| WHAT THE TASK REQUIRES |
Only some lines are wanted. Transcribe, exactly, the lines below from the line with "exists A : set" up to and including the line with "(* Let $\Sigma$".

| DATASET EXCERPTS |
####
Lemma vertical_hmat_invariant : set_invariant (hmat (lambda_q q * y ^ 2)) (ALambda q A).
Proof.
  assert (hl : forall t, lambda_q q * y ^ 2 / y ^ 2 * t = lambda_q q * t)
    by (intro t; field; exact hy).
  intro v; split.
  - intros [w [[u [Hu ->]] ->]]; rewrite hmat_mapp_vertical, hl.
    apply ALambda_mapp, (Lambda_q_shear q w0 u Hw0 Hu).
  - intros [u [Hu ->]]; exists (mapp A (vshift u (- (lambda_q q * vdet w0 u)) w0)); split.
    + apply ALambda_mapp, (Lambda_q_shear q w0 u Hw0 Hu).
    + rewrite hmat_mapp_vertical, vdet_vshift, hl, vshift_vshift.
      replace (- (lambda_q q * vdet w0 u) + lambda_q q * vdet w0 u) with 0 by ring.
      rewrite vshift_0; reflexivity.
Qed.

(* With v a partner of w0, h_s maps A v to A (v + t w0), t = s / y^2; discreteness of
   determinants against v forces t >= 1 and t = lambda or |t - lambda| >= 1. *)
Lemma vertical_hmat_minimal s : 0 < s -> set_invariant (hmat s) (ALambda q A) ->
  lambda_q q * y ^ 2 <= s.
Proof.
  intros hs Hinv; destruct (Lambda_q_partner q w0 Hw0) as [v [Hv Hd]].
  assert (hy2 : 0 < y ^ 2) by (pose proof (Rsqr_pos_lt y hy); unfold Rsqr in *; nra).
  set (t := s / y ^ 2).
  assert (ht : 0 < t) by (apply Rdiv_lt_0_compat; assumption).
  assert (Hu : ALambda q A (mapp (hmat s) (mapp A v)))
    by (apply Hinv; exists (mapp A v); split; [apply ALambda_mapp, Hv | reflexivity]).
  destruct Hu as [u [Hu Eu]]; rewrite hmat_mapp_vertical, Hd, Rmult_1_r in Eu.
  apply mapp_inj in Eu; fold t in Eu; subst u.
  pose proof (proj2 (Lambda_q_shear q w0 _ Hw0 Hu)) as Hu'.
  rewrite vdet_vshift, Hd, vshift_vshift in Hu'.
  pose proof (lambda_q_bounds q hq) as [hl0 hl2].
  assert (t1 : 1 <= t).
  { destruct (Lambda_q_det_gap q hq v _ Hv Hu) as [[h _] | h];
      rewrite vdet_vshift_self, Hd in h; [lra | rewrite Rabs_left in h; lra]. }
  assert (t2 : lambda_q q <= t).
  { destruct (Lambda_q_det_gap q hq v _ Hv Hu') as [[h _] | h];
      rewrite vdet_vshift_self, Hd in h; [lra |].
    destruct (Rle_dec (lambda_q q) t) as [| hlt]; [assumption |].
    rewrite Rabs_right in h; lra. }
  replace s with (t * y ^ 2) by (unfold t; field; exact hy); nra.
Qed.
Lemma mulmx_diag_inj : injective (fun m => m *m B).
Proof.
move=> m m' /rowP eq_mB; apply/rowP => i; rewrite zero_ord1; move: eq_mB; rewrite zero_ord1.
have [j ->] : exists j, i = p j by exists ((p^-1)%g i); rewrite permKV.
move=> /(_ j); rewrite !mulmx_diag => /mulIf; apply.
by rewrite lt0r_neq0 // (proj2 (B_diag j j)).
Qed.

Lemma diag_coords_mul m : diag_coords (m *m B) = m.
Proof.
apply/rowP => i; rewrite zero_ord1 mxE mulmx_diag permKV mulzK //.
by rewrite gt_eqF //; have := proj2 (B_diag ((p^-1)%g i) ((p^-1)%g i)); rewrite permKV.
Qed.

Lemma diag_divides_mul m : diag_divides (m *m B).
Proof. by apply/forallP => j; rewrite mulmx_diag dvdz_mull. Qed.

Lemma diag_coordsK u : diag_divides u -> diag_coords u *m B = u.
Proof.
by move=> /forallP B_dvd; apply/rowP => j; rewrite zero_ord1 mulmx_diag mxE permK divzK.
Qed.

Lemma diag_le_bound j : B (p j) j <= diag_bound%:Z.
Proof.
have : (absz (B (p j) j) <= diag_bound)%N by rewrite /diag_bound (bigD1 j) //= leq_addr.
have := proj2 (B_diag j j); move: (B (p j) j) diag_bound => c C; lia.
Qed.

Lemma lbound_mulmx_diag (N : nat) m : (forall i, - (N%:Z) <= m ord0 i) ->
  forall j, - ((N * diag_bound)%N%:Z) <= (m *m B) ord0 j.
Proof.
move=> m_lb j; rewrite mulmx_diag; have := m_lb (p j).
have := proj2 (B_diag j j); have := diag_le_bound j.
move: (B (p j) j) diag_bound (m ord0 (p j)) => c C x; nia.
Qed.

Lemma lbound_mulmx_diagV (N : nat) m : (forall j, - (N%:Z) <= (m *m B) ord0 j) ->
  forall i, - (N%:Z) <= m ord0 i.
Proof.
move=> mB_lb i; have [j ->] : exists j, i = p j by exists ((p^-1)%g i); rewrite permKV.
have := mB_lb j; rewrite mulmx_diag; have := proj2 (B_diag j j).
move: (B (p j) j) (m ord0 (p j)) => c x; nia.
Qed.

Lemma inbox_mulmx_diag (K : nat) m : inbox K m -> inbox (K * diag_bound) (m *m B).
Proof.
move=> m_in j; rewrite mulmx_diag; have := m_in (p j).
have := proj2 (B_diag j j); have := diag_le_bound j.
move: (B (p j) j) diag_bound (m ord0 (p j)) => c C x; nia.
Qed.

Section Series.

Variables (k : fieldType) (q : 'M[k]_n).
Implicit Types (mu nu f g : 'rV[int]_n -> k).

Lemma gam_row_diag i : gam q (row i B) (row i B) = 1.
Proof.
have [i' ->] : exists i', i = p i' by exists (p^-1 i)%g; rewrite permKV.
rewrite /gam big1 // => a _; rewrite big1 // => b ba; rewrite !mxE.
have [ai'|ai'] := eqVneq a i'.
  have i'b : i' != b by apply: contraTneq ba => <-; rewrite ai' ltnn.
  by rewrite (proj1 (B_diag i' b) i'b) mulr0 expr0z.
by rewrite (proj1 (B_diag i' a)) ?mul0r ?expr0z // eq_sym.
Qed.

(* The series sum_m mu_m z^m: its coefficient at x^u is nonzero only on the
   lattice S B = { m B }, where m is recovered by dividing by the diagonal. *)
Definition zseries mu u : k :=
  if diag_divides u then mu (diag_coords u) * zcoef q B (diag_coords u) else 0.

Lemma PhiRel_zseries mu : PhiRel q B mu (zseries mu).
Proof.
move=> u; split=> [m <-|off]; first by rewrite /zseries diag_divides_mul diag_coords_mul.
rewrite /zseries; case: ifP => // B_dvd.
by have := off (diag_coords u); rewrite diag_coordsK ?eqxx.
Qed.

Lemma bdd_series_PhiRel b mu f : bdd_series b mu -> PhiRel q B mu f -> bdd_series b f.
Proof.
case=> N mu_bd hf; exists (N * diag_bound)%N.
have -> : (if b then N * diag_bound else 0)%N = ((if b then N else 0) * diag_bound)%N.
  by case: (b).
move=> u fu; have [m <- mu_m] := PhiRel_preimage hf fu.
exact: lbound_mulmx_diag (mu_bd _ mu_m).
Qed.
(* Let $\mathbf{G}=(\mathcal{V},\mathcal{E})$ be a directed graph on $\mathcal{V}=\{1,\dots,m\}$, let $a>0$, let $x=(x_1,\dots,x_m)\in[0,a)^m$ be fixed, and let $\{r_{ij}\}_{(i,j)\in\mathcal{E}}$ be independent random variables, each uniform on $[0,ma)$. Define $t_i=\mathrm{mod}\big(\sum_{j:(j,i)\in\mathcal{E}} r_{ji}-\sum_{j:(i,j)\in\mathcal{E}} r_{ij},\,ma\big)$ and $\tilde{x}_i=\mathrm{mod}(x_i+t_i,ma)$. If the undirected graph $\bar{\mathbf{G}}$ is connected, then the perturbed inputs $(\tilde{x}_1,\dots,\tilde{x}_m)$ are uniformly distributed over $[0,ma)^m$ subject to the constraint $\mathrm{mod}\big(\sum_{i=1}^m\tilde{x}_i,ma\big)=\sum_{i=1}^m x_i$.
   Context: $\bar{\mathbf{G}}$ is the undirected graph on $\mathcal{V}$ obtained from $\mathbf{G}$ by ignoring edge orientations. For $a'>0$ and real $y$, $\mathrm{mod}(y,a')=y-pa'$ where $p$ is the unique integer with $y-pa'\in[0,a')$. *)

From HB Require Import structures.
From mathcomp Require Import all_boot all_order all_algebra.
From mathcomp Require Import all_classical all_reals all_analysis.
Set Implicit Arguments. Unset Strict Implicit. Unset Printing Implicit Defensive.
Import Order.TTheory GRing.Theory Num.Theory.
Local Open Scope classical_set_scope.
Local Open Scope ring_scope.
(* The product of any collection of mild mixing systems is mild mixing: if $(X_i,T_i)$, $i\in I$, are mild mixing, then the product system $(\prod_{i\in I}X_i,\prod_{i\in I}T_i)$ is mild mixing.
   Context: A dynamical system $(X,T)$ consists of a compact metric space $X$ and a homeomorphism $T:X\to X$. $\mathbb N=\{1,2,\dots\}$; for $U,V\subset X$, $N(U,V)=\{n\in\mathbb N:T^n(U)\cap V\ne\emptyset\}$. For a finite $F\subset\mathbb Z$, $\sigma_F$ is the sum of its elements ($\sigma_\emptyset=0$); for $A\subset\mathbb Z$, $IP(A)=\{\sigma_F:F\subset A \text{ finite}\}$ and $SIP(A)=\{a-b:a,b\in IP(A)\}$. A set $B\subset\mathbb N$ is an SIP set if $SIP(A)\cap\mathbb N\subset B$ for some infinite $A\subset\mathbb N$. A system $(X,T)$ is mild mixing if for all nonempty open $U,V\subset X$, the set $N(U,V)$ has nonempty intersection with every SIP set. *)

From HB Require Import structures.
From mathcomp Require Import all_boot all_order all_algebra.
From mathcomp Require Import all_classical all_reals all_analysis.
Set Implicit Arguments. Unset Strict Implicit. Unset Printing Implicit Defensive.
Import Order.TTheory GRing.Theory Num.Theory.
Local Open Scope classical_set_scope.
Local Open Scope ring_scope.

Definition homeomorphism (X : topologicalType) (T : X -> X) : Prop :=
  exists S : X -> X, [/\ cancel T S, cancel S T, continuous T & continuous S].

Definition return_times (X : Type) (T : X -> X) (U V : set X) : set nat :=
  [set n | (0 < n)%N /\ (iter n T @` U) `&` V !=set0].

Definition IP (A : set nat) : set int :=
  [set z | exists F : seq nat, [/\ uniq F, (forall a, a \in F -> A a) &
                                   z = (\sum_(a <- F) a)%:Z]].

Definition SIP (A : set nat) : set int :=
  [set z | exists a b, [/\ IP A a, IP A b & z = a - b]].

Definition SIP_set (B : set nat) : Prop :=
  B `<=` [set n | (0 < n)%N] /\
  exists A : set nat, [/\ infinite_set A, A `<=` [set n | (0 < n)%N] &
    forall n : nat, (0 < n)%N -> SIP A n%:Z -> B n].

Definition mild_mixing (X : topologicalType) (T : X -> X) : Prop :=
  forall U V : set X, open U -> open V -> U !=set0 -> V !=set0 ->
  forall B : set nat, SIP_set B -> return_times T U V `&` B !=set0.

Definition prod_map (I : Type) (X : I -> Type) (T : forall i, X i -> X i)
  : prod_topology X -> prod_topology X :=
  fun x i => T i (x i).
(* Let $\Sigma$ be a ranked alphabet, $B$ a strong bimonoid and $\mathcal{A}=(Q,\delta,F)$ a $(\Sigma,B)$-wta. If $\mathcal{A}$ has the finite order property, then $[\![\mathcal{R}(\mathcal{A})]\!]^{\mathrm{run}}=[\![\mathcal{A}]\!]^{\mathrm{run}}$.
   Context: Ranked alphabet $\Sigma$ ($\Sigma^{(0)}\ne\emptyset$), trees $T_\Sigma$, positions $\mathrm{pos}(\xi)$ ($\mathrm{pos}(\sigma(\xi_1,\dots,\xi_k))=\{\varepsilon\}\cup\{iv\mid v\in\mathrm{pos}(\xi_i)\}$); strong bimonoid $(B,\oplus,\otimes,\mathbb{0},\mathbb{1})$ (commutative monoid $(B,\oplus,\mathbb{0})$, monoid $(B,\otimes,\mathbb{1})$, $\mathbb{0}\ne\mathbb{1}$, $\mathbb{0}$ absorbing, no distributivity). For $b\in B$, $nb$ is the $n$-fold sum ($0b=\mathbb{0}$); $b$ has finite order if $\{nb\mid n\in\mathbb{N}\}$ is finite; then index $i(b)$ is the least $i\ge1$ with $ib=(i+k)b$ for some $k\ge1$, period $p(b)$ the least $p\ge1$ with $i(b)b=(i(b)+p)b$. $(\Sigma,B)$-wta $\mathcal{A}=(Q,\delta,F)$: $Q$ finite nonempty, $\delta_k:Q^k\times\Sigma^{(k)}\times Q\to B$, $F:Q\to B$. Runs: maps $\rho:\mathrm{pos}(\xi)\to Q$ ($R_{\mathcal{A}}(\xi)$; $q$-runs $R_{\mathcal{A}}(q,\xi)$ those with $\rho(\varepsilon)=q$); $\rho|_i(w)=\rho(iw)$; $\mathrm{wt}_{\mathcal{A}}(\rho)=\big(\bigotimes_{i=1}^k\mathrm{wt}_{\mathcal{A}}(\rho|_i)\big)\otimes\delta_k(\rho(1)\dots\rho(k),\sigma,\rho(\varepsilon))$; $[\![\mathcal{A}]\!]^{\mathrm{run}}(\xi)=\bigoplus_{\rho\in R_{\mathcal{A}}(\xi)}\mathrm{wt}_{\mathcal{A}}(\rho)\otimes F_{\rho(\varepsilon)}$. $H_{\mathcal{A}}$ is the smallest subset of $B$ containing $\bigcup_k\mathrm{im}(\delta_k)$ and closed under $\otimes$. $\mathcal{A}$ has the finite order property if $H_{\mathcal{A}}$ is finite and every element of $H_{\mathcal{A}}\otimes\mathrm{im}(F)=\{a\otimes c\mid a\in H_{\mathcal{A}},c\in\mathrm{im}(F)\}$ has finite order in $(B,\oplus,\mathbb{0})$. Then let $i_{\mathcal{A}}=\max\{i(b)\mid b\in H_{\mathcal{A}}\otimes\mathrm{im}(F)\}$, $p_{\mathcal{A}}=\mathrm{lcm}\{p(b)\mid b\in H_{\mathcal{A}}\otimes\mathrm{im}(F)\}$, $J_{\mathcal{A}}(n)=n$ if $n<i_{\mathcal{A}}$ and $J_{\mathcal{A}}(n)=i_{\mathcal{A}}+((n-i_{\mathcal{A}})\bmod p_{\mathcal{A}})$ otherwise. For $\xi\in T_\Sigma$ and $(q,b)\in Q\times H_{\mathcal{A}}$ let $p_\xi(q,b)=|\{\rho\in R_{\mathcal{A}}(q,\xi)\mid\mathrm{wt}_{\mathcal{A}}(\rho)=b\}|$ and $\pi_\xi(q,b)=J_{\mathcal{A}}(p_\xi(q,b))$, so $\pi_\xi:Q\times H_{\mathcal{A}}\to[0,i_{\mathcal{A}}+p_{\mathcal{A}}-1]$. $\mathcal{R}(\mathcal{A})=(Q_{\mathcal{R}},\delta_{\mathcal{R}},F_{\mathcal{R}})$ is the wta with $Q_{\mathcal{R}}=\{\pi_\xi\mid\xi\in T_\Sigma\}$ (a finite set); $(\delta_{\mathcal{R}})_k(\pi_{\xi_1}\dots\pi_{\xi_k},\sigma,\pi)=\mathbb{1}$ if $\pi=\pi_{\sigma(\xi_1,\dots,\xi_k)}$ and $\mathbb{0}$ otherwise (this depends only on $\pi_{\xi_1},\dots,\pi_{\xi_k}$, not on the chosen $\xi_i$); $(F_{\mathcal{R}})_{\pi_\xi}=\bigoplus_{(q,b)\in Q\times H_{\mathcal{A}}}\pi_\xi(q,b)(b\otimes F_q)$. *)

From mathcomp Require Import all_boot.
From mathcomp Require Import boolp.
####
| TASK RESULT |
  exists A : set nat, [/\ infinite_set A, A `<=` [set n | (0 < n)%N] &
    forall n : nat, (0 < n)%N -> SIP A n%:Z -> B n].

Definition mild_mixing (X : topologicalType) (T : X -> X) : Prop :=
  forall U V : set X, open U -> open V -> U !=set0 -> V !=set0 ->
  forall B : set nat, SIP_set B -> return_times T U V `&` B !=set0.

Definition prod_map (I : Type) (X : I -> Type) (T : forall i, X i -> X i)
  : prod_topology X -> prod_topology X :=
  fun x i => T i (x i).
(* Let $\Sigma$ be a ranked alphabet, $B$ a strong bimonoid and $\mathcal{A}=(Q,\delta,F)$ a $(\Sigma,B)$-wta. If $\mathcal{A}$ has the finite order property, then $[\![\mathcal{R}(\mathcal{A})]\!]^{\mathrm{run}}=[\![\mathcal{A}]\!]^{\mathrm{run}}$.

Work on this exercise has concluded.